Когда ее содрогающихся плеч коснулись теплые руки Марка, все уже было кончено. Безжизненное тело Тюльпана Тимуровича с вытянутыми вперед руками и остановившимися глазами лежало, распластавшись на полу. Человек этот и в жизни не принес никому ничего хорошего, и в смерти выглядел гадко.
— Все кончено! — гладил ее по голове Марк. — Теперь все кончено, мы оба были игрушками в руках этого больного человека.
— Ты, ты главное мое сокровище, — подняла на него заплаканные глаза Агата.
— А твои тридцать процентов? — усмехнулся Марк.
Агата покачала головой:
— Они не мои…
— Не дури!
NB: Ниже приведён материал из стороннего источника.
(* For each integer $\mu\geq 2$ there exists a large set with multiplicity LS$(3,4,10;\mu)$.
   Context: A Steiner system S$(t,k,n)$ is a pair $(Q,B)$ where $Q$ is an $n$-set and $B$ is a collection of $k$-subsets (blocks) of $Q$ such that every $t$-subset of $Q$ is contained in exactly one block. A large set with multiplicity $\mu$, LS$(t,k,n;\mu)$, is a family (the same system may occur more than once) of Steiner systems S$(t,k,n)$ on a common $n$-set $Q$ such that every $k$-subset of $Q$ is a block of exactly $\mu$ of the systems. *)

From mathcomp Require Import all_boot.
Unset Printing Implicit Defensive.

Definition steiner_system (t k n : nat) (B : {set {set 'I_n}}) : Prop :=
  (forall b, b \in B -> #|b| = k) /\
  (forall T : {set 'I_n}, #|T| = t -> #|[set b in B | T \subset b]| = 1).

(* A large set with multiplicity mu, LS(t,k,n;mu): a family (repetitions
   allowed, hence a list) of Steiner systems S(t,k,n) on the common n-set
   'I_n such that every k-subset of 'I_n is a block of exactly mu of them
   (counted with multiplicity). *)
Definition large_set_mult (t k n mu : nat) (L : seq {set {set 'I_n}}) : Prop :=
  (forall B, B \in L -> steiner_system t k n B) /\
  (forall K : {set 'I_n}, #|K| = k -> count (fun B : {set {set 'I_n}} => K \in B) L = mu).

From mathcomp Require Import all_boot.
Unset Printing Implicit Defensive.

(* Every mu >= 2 is a sum of 2s and 3s, and concatenating large sets adds
   their multiplicities, so it suffices to exhibit an LS(3,4,10;2) and an
   LS(3,4,10;3).  Both are given explicitly, with blocks as sorted lists of
   points, and verified by evaluating a boolean test proved to imply the
   defining properties. *)

Lemma large_set_mult_cat t k n m1 m2 L1 L2 :
  large_set_mult t k n m1 L1 -> large_set_mult t k n m2 L2 ->
  large_set_mult t k n (m1 + m2) (L1 ++ L2).
Proof.
move=> [sys1 count1] [sys2 count2]; split.
  by move=> B; rewrite mem_cat => /orP[/sys1|/sys2].
by move=> K cardK; rewrite count_cat count1 // count2.
Qed.

Lemma large_set_mult_ge2 t k n :
  (exists L, large_set_mult t k n 2 L) -> (exists L, large_set_mult t k n 3 L) ->
  forall mu, 2 <= mu -> exists L, large_set_mult t k n mu L.
Proof.
move=> [L2 LS2] [L3 LS3]; elim/ltn_ind => -[|[|[|[|m]]]] // IH _.
- by exists L2.
- by exists L3.
have [L LSm] := IH m.+2 (leqnSn _) isT.
by exists (L ++ L2); rewrite -addn2; apply: large_set_mult_cat.
Qed.
Lemma barrier_modulus (x y : R) : 0 < x -> x <= y -> y < 1 ->
  Rabs (barrier y - barrier x) <= G y - G x.
Proof.
  intros H1 H2 H3.
  destruct (Rle_dec y f1).
  - rewrite !barrier_left by lra. apply rho0_modulus; assumption.
  - destruct (Rle_dec f1 x).
    + rewrite !barrier_right by lra. apply rho1_modulus; assumption.
    + pose proof (rho0_modulus x f1 H1 ltac:(lra) ltac:(lra)) as T0.
      pose proof (rho1_modulus f1 y ltac:(lra) ltac:(lra) H3) as T1.
      rewrite (barrier_left x), (barrier_right y) by lra.
      assert (Hf1 : rho0 f1 = rho1 f1) by (unfold rho0, rho1; reflexivity).
      apply Rabs_le_between in T0. apply Rabs_le_between in T1. apply Rabs_le_between. lra.
Qed.

Lemma barrier_le_Phi (p : R -> R) (x : R) : admissible p -> (forall t, 0 < t < 1 -> barrier t <= p t) ->
  f1 <= x < 1 -> barrier x <= Phi p x.
Proof.
  intros Hp Habove Hx. apply Phi_ge; [exact Hp | lra |]. intros bb Hbb.
  assert (Hrho : forall t, x <= t <= bb -> continuity_pt (fun s => gam s (rho1 s)) t).
  { intros t Ht. apply gam_cont; [lra | eapply is_derive_continuity_pt, rho1_deriv; lra |].
    pose proof (rho1_neg t ltac:(lra)). lra. }
  assert (I1 : RInt (fun s => gam s (p s)) x bb <= RInt (fun s => gam s (rho1 s)) x bb).
  { apply RInt_le; [lra | apply ex_RInt_01; [intros; apply gam_admissible_cont | |]; auto; lra | |].
    - apply (ex_RInt_continuous (V := R_CompleteNormedModule)).
      rewrite Rmin_left, Rmax_right by lra. intros t Ht. apply continuity_pt_filterlim, Hrho, Ht.
    - intros t Ht. rewrite <- barrier_right by lra.
      apply gam_antitone; [lra | apply Habove; lra | apply (proj1 Hp); lra]. }
  assert (I2 : RInt (fun s => gam s (rho1 s)) x bb <= RInt drho1 x bb).
  { apply RInt_le; [lra | | |].
    - apply (ex_RInt_continuous (V := R_CompleteNormedModule)).
      rewrite Rmin_left, Rmax_right by lra. intros t Ht. apply continuity_pt_filterlim, Hrho, Ht.
    - apply ex_RInt_01; [exact drho1_cont | lra | lra].
    - intros t Ht. apply rho1_subsolution. lra. }
  rewrite (RInt_FTC_01 rho1 drho1 x bb) in I2 by
    (lra || (intros t Ht; apply rho1_deriv; lra) || (intros t Ht; apply drho1_cont; lra)).
  pose proof (barrier_below_upper bb ltac:(lra)).
  rewrite barrier_right in * by lra. lra.
Qed.
(* There is an absolute constant $d$ such that the following holds. Let $N>0$ and let $A,B\ge 0$ be integers with $A+B=N$. Let $X$ be chosen uniformly at random among all strings in $\{0,1\}^N$ with exactly $A$ ones and $B$ zeros. Then for every $r\ge 1$, $$\Pr_X\left[\,C_{OP}(X)\ \ge\ N-\tfrac{2}{3}\min(A,B)+d\sqrt{rN}\,\right]\ \le\ 2^{-r}\log N .$$
   Context: Logarithms are base $2$. The oblivious-pairing algorithm on input $X=X_0\cdots X_{N-1}\in\{0,1\}^N$ maintains a list $\mathcal S=(S_1,\dots,S_\ell)$ of disjoint subsets of $\{0,\dots,N-1\}$ (''blocks''), each known to be homogeneous (all bits of $X$ indexed by it are equal); $X_{S_j}$ denotes the common value of the bits in $S_j$. Initially $\mathcal S=(\{0\},\{1\},\dots,\{N-1\})$. The operation COMBINE$(\mathcal S,i)$ queries $X_a\oplus X_b$ for some $a\in S_i$, $b\in S_{i+1}$; if the answer is $0$ it replaces $S_i,S_{i+1}$ in the list by the single block $S_i\cup S_{i+1}$ (at that position), and otherwise it removes both $S_i$ and $S_{i+1}$ from the list. The algorithm runs, for $k=1,2,\dots,\lfloor\log N\rfloor$ in turn: while there exists $j$ with $1\le j<\ell$ and $|S_j|=|S_{j+1}|=2^{k-1}$, apply COMBINE$(\mathcal S,j)$ for the smallest such $j$. At the end it outputs ''tie'' if the list is empty and otherwise $X_{S_1}$. $C_{OP}(X)$ denotes the number of XOR queries (COMBINE operations) the oblivious-pairing algorithm makes on input $X$. *)

From Stdlib Require Import Reals.
From mathcomp Require Import all_boot.

Set Implicit Arguments.
Unset Strict Implicit.
Unset Printing Implicit Defensive.

(* A string X in {0,1}^N is an N.-tuple bool; X_i = nth false X i
   (true = 1, false = 0). Blocks are lists of indices. *)
Definition bitX (N : nat) (X : N.-tuple bool) (i : nat) : bool := nth false X i.

(* COMBINE on two adjacent blocks: query X_a xor X_b with a in s1, b in s2
   (we take a = head of s1, b = head of s2). *)
Definition combine_pair N (X : N.-tuple bool) (s1 s2 : seq nat) (rest : seq (seq nat))
  : seq (seq nat) :=
  if addb (bitX X (head 0 s1)) (bitX X (head 0 s2)) then rest
  else (s1 ++ s2) :: rest.

Fixpoint op_step N (X : N.-tuple bool) (m : nat) (Sl : seq (seq nat))
  : option (seq (seq nat)) :=
  match Sl with
  | s1 :: ((s2 :: rest) as t) =>
      if (size s1 == m) && (size s2 == m) then Some (combine_pair X s1 s2 rest)
      else omap (cons s1) (op_step X m t)
  | _ => None
  end.

(* The "while" loop of a phase, returning the new list and the number of
   COMBINE operations made.  Each COMBINE shortens the list, so fuel
   [size Sl] is enough to run the loop to completion. *)
Fixpoint op_phase_fuel N (X : N.-tuple bool) (fuel m : nat) (Sl : seq (seq nat))
  : seq (seq nat) * nat :=
  match fuel with
  | 0 => (Sl, 0)
  | f.+1 =>
      match op_step X m Sl with
      | None => (Sl, 0)
      | Some Sl' => let: (Sl'', c) := op_phase_fuel X f m Sl' in (Sl'', c.+1)
      end
  end.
Возьми и отдай все в Фонд борьбы с раком или в какой-нибудь другой! — подала голос Антонина. — И вообще, хватит обниматься, меня-то кто-нибудь развяжет?
— А ты не такая уж и больная, — улыбнулась сквозь слезы Агата, — раз вынесла такое…
— Пожалуй, я начну писать книги, где будут переплетаться мистика, история и любовь, — улыбнулась в ответ Антонина, — а еще мы наконец-то по-человечески похороним твою тетю.
Марк подошел к Тосе и принялся развязывать веревки.
На белой шее Тоси на тоненькой золотой цепочке висел золотой чертик и поблескивающими глазками словно подмигивал.
Марк остановился и поманил Агату к себе.
— Эксклюзивная модель, ты рассказывала мне…
— Что? — не поняла Тося и перехватила его взгляд. — А… это… интересная вещица. Вот как не верить в приметы. Носила крестик, и все было хорошо, нацепила чертика и на тебе…
— Откуда он у тебя? — Слезы мгновенно высохли на глазах Агаты, так как она узнала чертика Игоря.
— А что такое? Почему у вас такие лица?
— Это чертик Игоря, убитого в своей машине, и взять его у него мог только убийца, услугами которого всегда пользовался Тюльпан, — сказала Агата, — Тося, я не шучу, где ты его взяла?
Антонина испуганно заморгала ресницами.
— Мне подарил его твой бывший муж… с пожеланиями здоровья и счастья, а также он попросил помочь ему заслужить твое прощение, — ответила Тося.
Марк с Агатой посмотрели друг на друга.
— Говоришь, муж у тебя изменился и любит деньги? Не слишком ли разительные перемены? Директор кладбища…. Не сам ли он себе и поставляет клиентов?
— Похоже, что он нашел себя… — кивнула Агата, слегка улыбаясь, — только почему он, выполнив заказ Тюльпана, убив Игоря, не взял главной улики — сумки, а взял этого чертенка?
— А это пусть его спросят в милиции. У меня все записано, и опергруппа уже выехала, так что все будет хорошо, — обнял за плечи Агату Марк.
— Горько! — вздохнула Тося, наблюдая за ними, и добавила: — Наконец-то в этих стенах произошло хоть что-то хорошее.
— В память всех замученных здесь людей мы будем счастливы, — сказала Агата, держась за руку Марка.